# Text Summarization using the TextRank Algorithm 

Text Summarization is one of those applications of Natural Language Processing (NLP) which is bound to have a huge impact on our lives. With growing digital media and ever growing publishing – who has the time to go through entire articles / documents / books to decide whether they are useful or not? Thankfully – this technology is already here.

Text summarization can broadly be divided into two categories — Extractive Summarization and Abstractive Summarization.

**Extractive Summarization**: These methods rely on extracting several parts, such as phrases and sentences, from a piece of text and stack them together to create a summary. Therefore, identifying the right sentences for summarization is of utmost importance in an extractive method.\

**Abstractive Summarization**: These methods use advanced NLP techniques to generate an entirely new summary. Some parts of this summary may not even appear in the original text.

In this Project, we will be focusing on the extractive summarization technique.

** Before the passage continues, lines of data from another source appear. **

Lemma card_one_free_ge : S != set0 -> 2 ^ k * (N %/ period) <= #|S|.
Proof.
move=> /set0Pn[j0 j0S].
pose P c := col c \in S.
have P_periodic c : c + period < N -> P (c + period) = P c by exact: one_free_tie.
have period_S : 2 ^ k.+1 = period.+1 by rewrite /period prednK ?expn_gt0.
have weight_P : weight k.+1 (fun w => col w.-1 \in S) = \sum_(0 <= c < period) P c.
  by rewrite /weight period_S big_add1.
have weight_ge : 2 ^ k <= weight k.+1 (fun w => col w.-1 \in S).
  apply: triple_one_free_weight_ge; first exact: one_free_triple.
  exists (j0 %% period).+1; last by rewrite /= -/(P _) -(periodic_mod P_periodic) // /P /col inord_val.
  by rewrite period_S /= ltnS ltn_pmod ?period_gt0.
have card_S : #|S| = \sum_(0 <= c < N) P c.
  rewrite -sum1_card big_mkcond big_mkord /=.
  by apply: eq_bigr => c _; rewrite /P /col inord_val; case: (c \in S).
rewrite card_S (@big_cat_nat _ _ _ (N %/ period * period)) ?leq_divM //=.
rewrite (sum_periodic P_periodic) ?leq_divM // -weight_P mulnC.
by apply: leq_trans (leq_addr _ _); rewrite leq_mul2l weight_ge orbT.
Qed.

End OneFree.

Lemma uA_tie_triple_mx : period <= N -> 2 ^ k * (N %/ period) <= uA tie_triple_mx.
Proof.
move=> le_period_N; rewrite /uA -minEnat -leEnat.
apply: le_bigmin => [|S /andP[S_ne S_one_free]]; rewrite leEnat.
- have : 2 ^ k <= period by rewrite period_def; have := expn_gt0 2 k; lia.
  move/leq_mul/(_ (leqnn (N %/ period))) => /leq_trans; apply.
  by rewrite mulnC (leq_trans (leq_divM N period)).
- exact: card_one_free_ge.
Qed.

End Construction.

Lemma ltn_ceil_mul e N P T : 0 < T -> 0 < P -> e * T <= N * P -> e < (N %/ T).+1 * P.
Proof.
move=> T_gt0 P_gt0 le; rewrite -(ltn_pmul2r T_gt0); apply: leq_ltn_trans le _.
by rewrite mulnAC ltn_pmul2r // ltn_ceil.
Qed.

Lemma epsA_lt_period n k (A : 'M[bool]_(n, (n + k).+1)) :
  epsA A < ((n + k).+1 %/ period k).+1 * 2 ^ k.
Proof.
apply: ltn_ceil_mul; [exact: period_gt0 | exact: expn_gt0 |].
have := epsA_plotkin A (leqW (leq_addr k n)).
rewrite (_ : (n + k).+1 - n = k.+1); last by lia.
by rewrite period_def expnS -mulnA (mulnCA _ 2) leq_pmul2l.
Qed.

Lemma u_mn_ge n k : 2 ^ k * ((n + k).+1 %/ period k) <= u_mn n (n + k).+1.
Proof.
have [le|lt] := leqP (period k) (n + k).+1; last by rewrite divn_small ?muln0.
exact: leq_trans (uA_tie_triple_mx le) (leq_bigmax _).
Qed.

Theorem corollary6p2 (k n : nat) : (0 < k)%N -> (0 < n)%N ->
  (eps_mn n (n + k) <= u_mn n (n + k) + 2 ^ (k - 1) + 1)%N.
Proof.
case: k => [//|k] _ _; rewrite subn1 /= addnS.
apply/bigmax_leqP => A _.
have := epsA_lt_period A; have := u_mn_ge n k.
by rewrite mulSn mulnC; lia.
Qed.
Theorem theorem2p1 (R : realType) (N : nat) (x : nat -> R) (D : R) (f : R -> R)
  (hx : forall i : nat, (i <= N)%N -> x i < x i.+1)
  (hD : 0 < D)
  (hf : lebesgue_measure.-integrable `[x 0%N, x N.+1] (EFin \o f)) :
  (forall uL uR vL vR : nat -> R,
      fe_a x N D beta uL uR vL vR @[beta --> 0^'+] --> dg_a x N D uL uR vL vR)
  /\ (forall vL vR : nat -> R,
      fe_l x N f beta vL vR @[beta --> 0^'+] --> dg_l x N f vL vR)
  /\ (forall uL uR : nat -> R,
      (forall vL vR : nat -> R,
          (fe_a x N D beta uL uR vL vR - fe_l x N f beta vL vR) @[beta --> 0^'+] --> 0)
      <-> dg_solution x N D f uL uR).
Proof.
have fe_a_lim uL uR vL vR := @fe_a_cvg R x N hx D uL uR vL vR.
have fe_l_lim vL vR := @fe_l_cvg R x N hx f vL vR hf.
split=> //; split=> // uL uR.
have residual_cvg vL vR : fe_a x N D b uL uR vL vR - fe_l x N f b vL vR @[b --> 0^'+]
    --> dg_a x N D uL uR vL vR - dg_l x N f vL vR.
  exact: cvgB.
split=> [residual0 vL vR | sol vL vR].
  apply/eqP; rewrite -subr_eq0; apply/eqP.
  exact: (cvg_unique _ (residual_cvg vL vR) (residual0 vL vR)).
by have := residual_cvg vL vR; rewrite sol subrr.
Qed.
Let SU := U^T *m S *m U.
Let Q := expm (B^T *m S *m B).
Let sigma_defect := \big[Num.max/0]_(i < r) `|sigma i ^+ 2 * (sigma i ^+ 2 - 1)|.

Let trmx_Sg : Sg^T = Sg. Proof. exact: tr_diag_mx. Qed.

Let opbound_Sg : opbound Sg 1.
Proof. by apply: opbound_diag => // i; have /andP[s0 s1] := sigma01 i; rewrite ger0_norm. Qed.

Let sigma_defect_ge0 : 0 <= sigma_defect. Proof. exact: bigmax_ge_id. Qed.

Lemma gram_B_sub1 : B^T *m B - 1%:M = V *m (Sg *m Sg - 1%:M) *m V^T.
Proof.
rewrite defB !trmx_mul trmxK trmx_Sg mulmxBr mulmxBl mulmx1 VVt !mulmxA.
by rewrite -[V *m Sg *m U^T *m U]mulmxA UtU mulmx1.
Qed.

Lemma orthogonal_Q : Q^T *m Q = 1%:M.
Proof.
by apply: expm_skew_orthogonal; rewrite !trmx_mul trmxK skewS mulNmx mulmxN mulmxA.
Qed.

Lemma mx_cvgn_conj_expm_sub1 :
  mx_cvgn (fun K => Sg *m exp_sandwich_factor Sg SU K *m Sg) (V^T *m (Q - 1%:M) *m V).
Proof.
rewrite mulmxBr mulmxBl mulmx1 VtV.
apply: (eq_mx_cvgn (X := fun K => exp_partial (Sg *m SU *m Sg) K.+1 - 1%:M)).
  by move=> K; rewrite exp_partial_sandwich.
apply/(mx_cvgnS (fun K => exp_partial (Sg *m SU *m Sg) K - 1%:M))/mx_cvgnD;
  last exact: mx_cvgn_cst.
apply: (eq_mx_cvgn (X := fun K => V^T *m exp_partial (B^T *m S *m B) K *m V)).
  move=> K; have -> : B^T *m S *m B = V *m (Sg *m SU *m Sg) *m V^T.
    by rewrite defB !trmx_mul trmxK trmx_Sg /SU !mulmxA.
  by rewrite exp_partial_conj.
by apply: mx_cvgnM; [apply: mx_cvgnM; [apply: mx_cvgn_cst|apply: mx_cvgn_exp_partial]|apply: mx_cvgn_cst].
Qed.

Lemma opbound_sigma_defect : opbound (Sg *m (Sg *m Sg - 1%:M) *m Sg) sigma_defect.
Proof.
have -> : Sg *m (Sg *m Sg - 1%:M) *m Sg = diag_mx (\row_i (sigma i ^+ 2 * (sigma i ^+ 2 - 1))).
  apply/matrixP => i j; rewrite mulmx_diag mul_mx_diag mul_diag_mx !mxE.
  by case: eqP => [->|_]; rewrite /= ?mulr1n ?mulr0n ?subr0 ?mulr0 ?mul0r //; ring.
apply: opbound_diag => [|i]; [exact: sigma_defect_ge0 | exact: (le_bigmax _ (fun i => `|_|) i)].
Qed.

Let Y := 1%:M + B *m (Q - 1%:M) *m B^T.
(* The space $X_{\mathrm{crs}}$ is contractible.
   Context: Let $X$ be the following 2-dimensional CW-complex. Its 0-cells are $e_n^0$, $n\ge 0$; the point $x=e_0^0$ is called the origin. For each $n\ge1$ there are two 1-cells $e_n^1, e_{-n}^1$, each joining $x$ to $e_n^0$, so that $e_0^0\cup e_n^0\cup e_n^1\cup e_{-n}^1$ is homeomorphic to a circle; for each $n\ge1$ a 2-cell $e_n^2$ is attached via a homeomorphism $\varphi_n:S^1\to e_0^0\cup e_n^0\cup e_n^1\cup e_{-n}^1$. Thus each closed 2-cell $\overline{e_n^2}$ is a closed disk having $x$ and $e_n^0$ on its boundary, and $X$ is a wedge at $x$ of countably many closed disks, carrying the CW (weak) topology. The coarser topology on the set $X$ consists of all subsets $U\subset X$ that are open in the CW-topology and either do not contain $x$, or contain $\overline{e_n^2}\smallsetminus e_n^0$ for all but finitely many $n\ge1$. The set $X$ with this coarser topology is denoted $X_{\mathrm{crs}}$. *)

From Stdlib Require Import Reals.
Open Scope R_scope.

(* Each closed 2-cell is the closed unit disk D in R^2, attached so
   that its boundary point (-1,0) goes to the origin x = e_0^0 and (1,0) is the
   0-cell e_n^0; the upper / lower open semicircles are e_n^1, e_{-n}^1.
   The disk with index k : nat is the cell e_{k+1}^2 (so k ranges over all
   nat <-> n ranges over n >= 1). *)

Definition in_disk (p : R * R) : Prop := fst p ^ 2 + snd p ^ 2 <= 1.

Definition basept : R * R := (-1, 0).
Definition vertpt : R * R := (1, 0).

Definition Xcell : Type :=
  { q : nat * (R * R) | in_disk (snd q) /\ snd q <> basept }.

Definition X : Type := option Xcell.

Definition origin : X := None.

(* preimage of U ⊆ X under the characteristic map of the closed disk k *)
Definition preim (k : nat) (U : X -> Prop) (p : R * R) : Prop :=
  in_disk p /\
  ((p = basept /\ U origin) \/
   (exists h : in_disk p /\ p <> basept, U (Some (exist _ (k, p) h)))).

Definition rel_open_disk (S : R * R -> Prop) : Prop :=
  forall p, S p -> exists eps, 0 < eps /\
    forall q, in_disk q ->
      (fst p - fst q) ^ 2 + (snd p - snd q) ^ 2 < eps ^ 2 -> S q.

Definition cw_open (U : X -> Prop) : Prop :=
  forall k, rel_open_disk (preim k U).

Definition crs_open (U : X -> Prop) : Prop :=
  cw_open U /\
  (~ U origin \/
   exists N : nat, forall k, (N <= k)%nat ->
     forall p, in_disk p -> p <> vertpt -> preim k U p).

(* Continuity of H : X_crs x [0,1] -> X_crs (product topology on X_crs x [0,1],
   H only considered for t in [0,1]). *)
Definition crs_homotopy_continuous (H : X -> R -> X) : Prop :=
  forall U : X -> Prop, crs_open U ->
    forall a t, 0 <= t <= 1 -> U (H a t) ->
      exists V : X -> Prop, crs_open V /\ V a /\
        exists eps, 0 < eps /\
          forall b s, V b -> 0 <= s <= 1 -> Rabs (s - t) < eps -> U (H b s).

Definition crs_contractible : Prop :=
  exists (H : X -> R -> X) (c : X),
    crs_homotopy_continuous H /\
    (forall a, H a 0 = a) /\
    (forall a, H a 1 = c).

From Stdlib Require Import Reals Lra Psatz Classical ClassicalEpsilon ProofIrrelevance.
Open Scope R_scope.
Lemma finite_net e : 0 < e -> exists F : seq X, forall x, exists2 y, y \in F & d y x < e.
Proof.
move=> e0; have ncov := (iffLR (compact_near_coveringP _)) cpt.
pose G := filter_from (@setT (seq X)) (fun s => [set t : seq X | {subset s <= t}]).
have FG : Filter G.
  apply: filter_from_filter; first by exists [::].
  move=> s1 s2 _ _; exists (s1 ++ s2) => // t /= st; split => y ys; apply: st;
    by rewrite mem_cat ys ?orbT.
have [x _|s _ sub] := ncov (seq X) G (fun t x => exists2 y, y \in t & d y x < e) FG.
  exists ([set x' | d x x' < e], [set t : seq X | x \in t]) => /=.
    split; last by exists [:: x] => // t /=; apply; rewrite mem_seq1.
    by apply/metricType_numDomainType.nbhs_mdistP; exists e.
  by move=> [x' t] /= [dx xt]; exists x.
by exists s => x; exact: (sub s (fun _ h => h) x I).
Qed.

Lemma uniform_continuous_iter k e : 0 < e ->
  exists2 del, 0 < del & forall x y, d x y <= del ->
    forall j, (j < k)%N -> d (iter j T x) (iter j T y) <= e.
Proof.
move=> e0; have e20 : 0 < e / 2 by rewrite divr_gt0.
pose P del x := forall y, d x y <= del ->
  forall j, (j < k)%N -> d (iter j T x) (iter j T y) <= e.
suff : \forall del \near 0^'+, [set: X] `<=` P del.
  move=> near_del; have [del [del0 Pdel]] := filter_ex (filterI (nbhs_right_gt 0) near_del).
  by exists del => // x y; exact: (Pdel x I y).
apply: (iffLR (compact_near_coveringP _) cpt) => x _.
have : \forall z \near x, forall j, (j < k)%N -> d (iter j T x) (iter j T z) < e / 2.
  apply: near_forall_ltn => j.
  exact: (metricType_numDomainType.cvgr_dist_lt (continuous_iter (x:=x)) e20).
move=> /metricType_numDomainType.nbhs_mdistP [eta /= eta0 x_eta].
have eta20 : 0 < eta / 2 by rewrite divr_gt0.
exists ([set x' | d x x' < eta / 2], [set del | del < eta / 2]) => /=.
  split; first by apply/metricType_numDomainType.nbhs_mdistP; exists (eta / 2).
  exact: nbhs_right_lt.
move=> [x' del] /= [xx' del_lt] y x'y j jk.
have xy : d x y < eta.
  apply: le_lt_trans (metric_triangle x x' y) _.
  by rewrite [eta]splitr; apply: ltrD => //; exact: le_lt_trans x'y del_lt.
have x'_eta : d x x' < eta.
  by apply: lt_trans xx' _; rewrite ltr_pdivrMr // ltr_pMr // ltr1n.
apply: ltW; apply: le_lt_trans (metric_triangle _ (iter j T x) _) _.
by rewrite [e]splitr metric_sym; apply: ltrD; [exact: x_eta | exact: x_eta].
Qed.

Lemma exists_spanning n (S : {set 'I_n}) e : 0 < e -> exists F, spanning T S e F.
Proof.
move=> e0; have [del del0 del_e] := uniform_continuous_iter n e0.
have [F F_net] := finite_net del0; exists F => x.
have [y yF dyx] := F_net x; exists y => // i _.
by apply: del_e (ltn_ord i); rewrite metric_sym ltW.
Qed.

Lemma exists_metric_partition e : 0 < e -> exists m, metric_partition (X:=X) (e + e) m.
Proof.
move=> e0; have [F sp] := exists_spanning [set: 'I_1] e0.
have [f [f_lt fe]] := spanning_partition sp.
exists (size F), f; split => // x y fxy.
exact: (fe x y fxy ord0 (finset.in_setT _)).
Qed.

**TextRank is an extractive and unsupervised text summarization technique. Let’s take a look at the flow of the TextRank algorithm that we will be following:**

![block_3.png](attachment:block_3.png)

 - The first step would be to concatenate all the text contained in the articles
 - Then split the text into individual sentences
 - In the next step, we will find vector representation (word embeddings) for each and every sentence
 - Similarities between sentence vectors are then calculated and stored in a matrix
 - The similarity matrix is then converted into a graph, with sentences as vertices and similarity scores as edges, for sentence rank calculation
 - Finally, a certain number of top-ranked sentences form the final summary

In [111]:
import numpy as np
import pandas as pd
import nltk
nltk.download('punkt') # one time execution
import re
from nltk.tokenize import sent_tokenize
nltk.download('stopwords')
from nltk.corpus import stopwords

from sklearn.metrics.pairwise import cosine_similarity

stop_words = stopwords.words('english')
import networkx as nx
pd.set_option('display.max_colwidth', -1)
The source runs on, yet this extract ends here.